Friday, November 11, 2005

Booknote: The SFWA Masters, vol.1

Title: The SFWA Masters, vol.1
Editor: Frederick Pohl
Publication Information: New York: TOR Books, 1999
ISBN: 0-312-86880-4
Genre: Science Fiction
Subgenre: Short story collection, with some nonfiction
Pages: 384

This book is part of a multiple volume set, and based on this one, I will definitely be reading the other volumes. Readers can look to future posts on the other volumes down the road. The books collect selected writings of science fiction writers who have been recognized as Grand Masters by the Science Fiction Writers of America (Now Science Fiction and Fantasy Writers of America). The SFWA is also known as the organization that awards the annual Nebula Awards. The Nebula is one of the two major literary awards for science fiction and fantasy; the other is the Hugo Award, given by the World Science Fiction Society. SFWA's Grand Master Award, officially named the Damon Knight Memorial Grand Master Award, "is given to a living author for a lifetime's achievement in science fiction and/or fantasy. Nominations for the Grand Master award are made by the president of SFWA; the award is given upon approval of a majority of the SFWA® officers." This volume collects the work of the five first Grand Masters: Robert A. Heinlein, Jack Williamson, Clifford D. Simak, L. Sprague de Camp, and Fritz Leiber. It is edited by Frederick Pohl, who actually knew these writers, and it shows in his introductions and careful selection of stories. What makes this volume unique from other collections is the editing by Pohl, but it is also distinguished by selections of nonfiction by the writers. At the end of each section, there is a small list of recommended works for readers who may want to read more by a particular writer.
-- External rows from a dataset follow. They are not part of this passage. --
(* Comparison with the barrier [w = e^{-Kt} u - (M + 1) t - C0 - 1], which decreases at every
   nonnegative spatial maximum. *)
Lemma periodic_max_principle (T K M : R) (u : R -> R -> R) :
  0 < T -> 0 <= K -> 0 <= M -> periodic u ->
  (forall p t, 0 <= t < T -> cont2 u p t) ->
  (forall p t, 0 < t < T -> ex_derive (fun s => u p s) t) ->
  (forall p t, 0 < t < T -> (forall q, u q t <= u p t) -> 0 <= u p t -> dT u p t <= K * u p t + M) ->
  exists B, forall p t, 0 <= t < T -> u p t <= B.
Proof.
  intros HT HK HM Hper Hc Hd Hmax.
  destruct (periodic_max u 0 Hper ltac:(intros p; apply Hc; lra)) as [p0 Hp0].
  assert (HC0 := Rmax_r (u p0 0) 0). assert (HC0' := Rmax_l (u p0 0) 0).
  set (C0 := Rmax (u p0 0) 0) in *.
  assert (Hinit : forall p, u p 0 <= C0) by (intros p; generalize (Hp0 p); lra).
  set (w := fun p s => exp (- K * s) * u p s - ((M + 1) * s + C0 + 1)).
  assert (Hneg : forall p t, 0 <= t < T -> w p t < 0).
  { apply periodic_stays_negative.
    - intros p s. unfold w. now rewrite Hper.
    - intros p s Hs. unfold w. apply cont2_minus; [apply cont2_mult; [| exact (Hc p s Hs)] |].
      + apply cont2_of_time, (ex_derive_continuous (fun s => exp (- K * s))). auto_derive. auto.
      + apply cont2_of_time, (ex_derive_continuous (fun s => (M + 1) * s + C0 + 1)). auto_derive. auto.
    - intros p. unfold w. rewrite Rmult_0_r, exp_0. generalize (Hinit p). lra.
    - intros p tau Htau Hwmax Hwpos.
      assert (Hexp := exp_pos (- K * tau)).
      assert (Hexp1 : exp (- K * tau) <= 1) by (rewrite <- exp_0; apply exp_le_exp_of_le; nra).
      assert (Hupos : 0 <= u p tau).
      { assert (Hbarrier : 0 < (M + 1) * tau + C0 + 1) by nra. unfold w in Hwpos. nra. }
      assert (Humax : forall q, u q tau <= u p tau).
      { intros q. generalize (Hwmax q). unfold w. intros Hq.
        apply (Rmult_le_reg_l (exp (- K * tau))); lra. }
      assert (HdT := Hmax p tau Htau Humax Hupos).
      assert (Hdw : is_derive (fun s => w p s) tau
                      (exp (- K * tau) * (dT u p tau - K * u p tau) - (M + 1))).
      { unfold w, dT. auto_derive; [apply Hd; lra | ring]. }
      destruct (is_derive_neg_earlier _ _ _ Hdw ltac:(nra) ltac:(lra)) as [r [Hr Hwr]].
      exists r. split; [exact Hr | lra]. }
  exists (exp (K * T) * (C0 + 1 + (M + 1) * T)). intros p t Ht.
  apply (exp_barrier_bound K _ _ T t); [lra | lra | lra | exact Ht |].
  generalize (Hneg p t Ht). unfold w. lra.
Qed.

(* Polynomials in the successive derivatives [ps 0, ps 1, ...] of one function. *)
Inductive poly : Type :=
  | PVar (i : nat)
  | PConst (c : R)
  | PAdd (a b : poly)
  | PMul (a b : poly).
The volume offers a good selection of classics. This is what readers who have read science fiction for a long time mean when they say they read science fiction. This volume is highly recommended for any reader wanting to read science fiction for the first time; it is an excellent introduction to the genre and its major figures, and I can only imagine it gets better with the other volumes. Even though some of the stories today may seem "dated," I think they are actually quite timeless in terms of the characters and the narratives. These stories are as good today as they were when they were first published, and in some cases, looking at them now gives a nice glimpse at how people saw things back in the middle of the 20th century. I did not find a "bad" story in this anthology, and this is something rare in many other anthologies. There is a bit of everything for every reader.

Heinlein explores politics and the future in a story about highways in "The Roads Must Roll." Some readers may find it interesting given the current awareness over gasoline costs and transportation. Williamson takes a very interesting look at what can happen when man suddenly has nothing to do in "With Folded Hands." Williamson also recalls his days meeting and hanging out with other literary figures in his essay selection. Simak looks at the story of a very lonely man in "Grotto of the Dancing Deer." Sprague de Camp takes us on a dinosaur hunt in "A Gun For Dinosaur." It is a bit of an adventure and a bit of what happens when you try to mess with time travel for revenge. If you read Jurassic Park, or you saw the movie, leave your misconceptions from that work at the door. For fans of Fafhrd and the Grey Mouser, Leiber has a story of them. This was the least I liked; I am not a big fan of Fafhrd and the Grey Mouser, but the story will satisfy readers of fantasy. Leiber's best story in this selection for me was "A Bad Day for Sales." It reminded me of Ray Bradbury's "There Will Come Soft Rains." For me, it had that feel to it once I got to the end of the story. Some readers may have read these and the other stories already. I know I read some, and it was great rediscovering them. I also found a good number, most of them, I had not read before. I had read the authors, but not these particular selections. For instance, I have read some of Heinlein's novels, but I had not read Fritz Leiber before. So whether you have read the stories or not, this is a great book for some good reading. This definitely belongs on the shelf of every science fiction reader, and I think it would make a good gift for someone you want to introduce to the genre.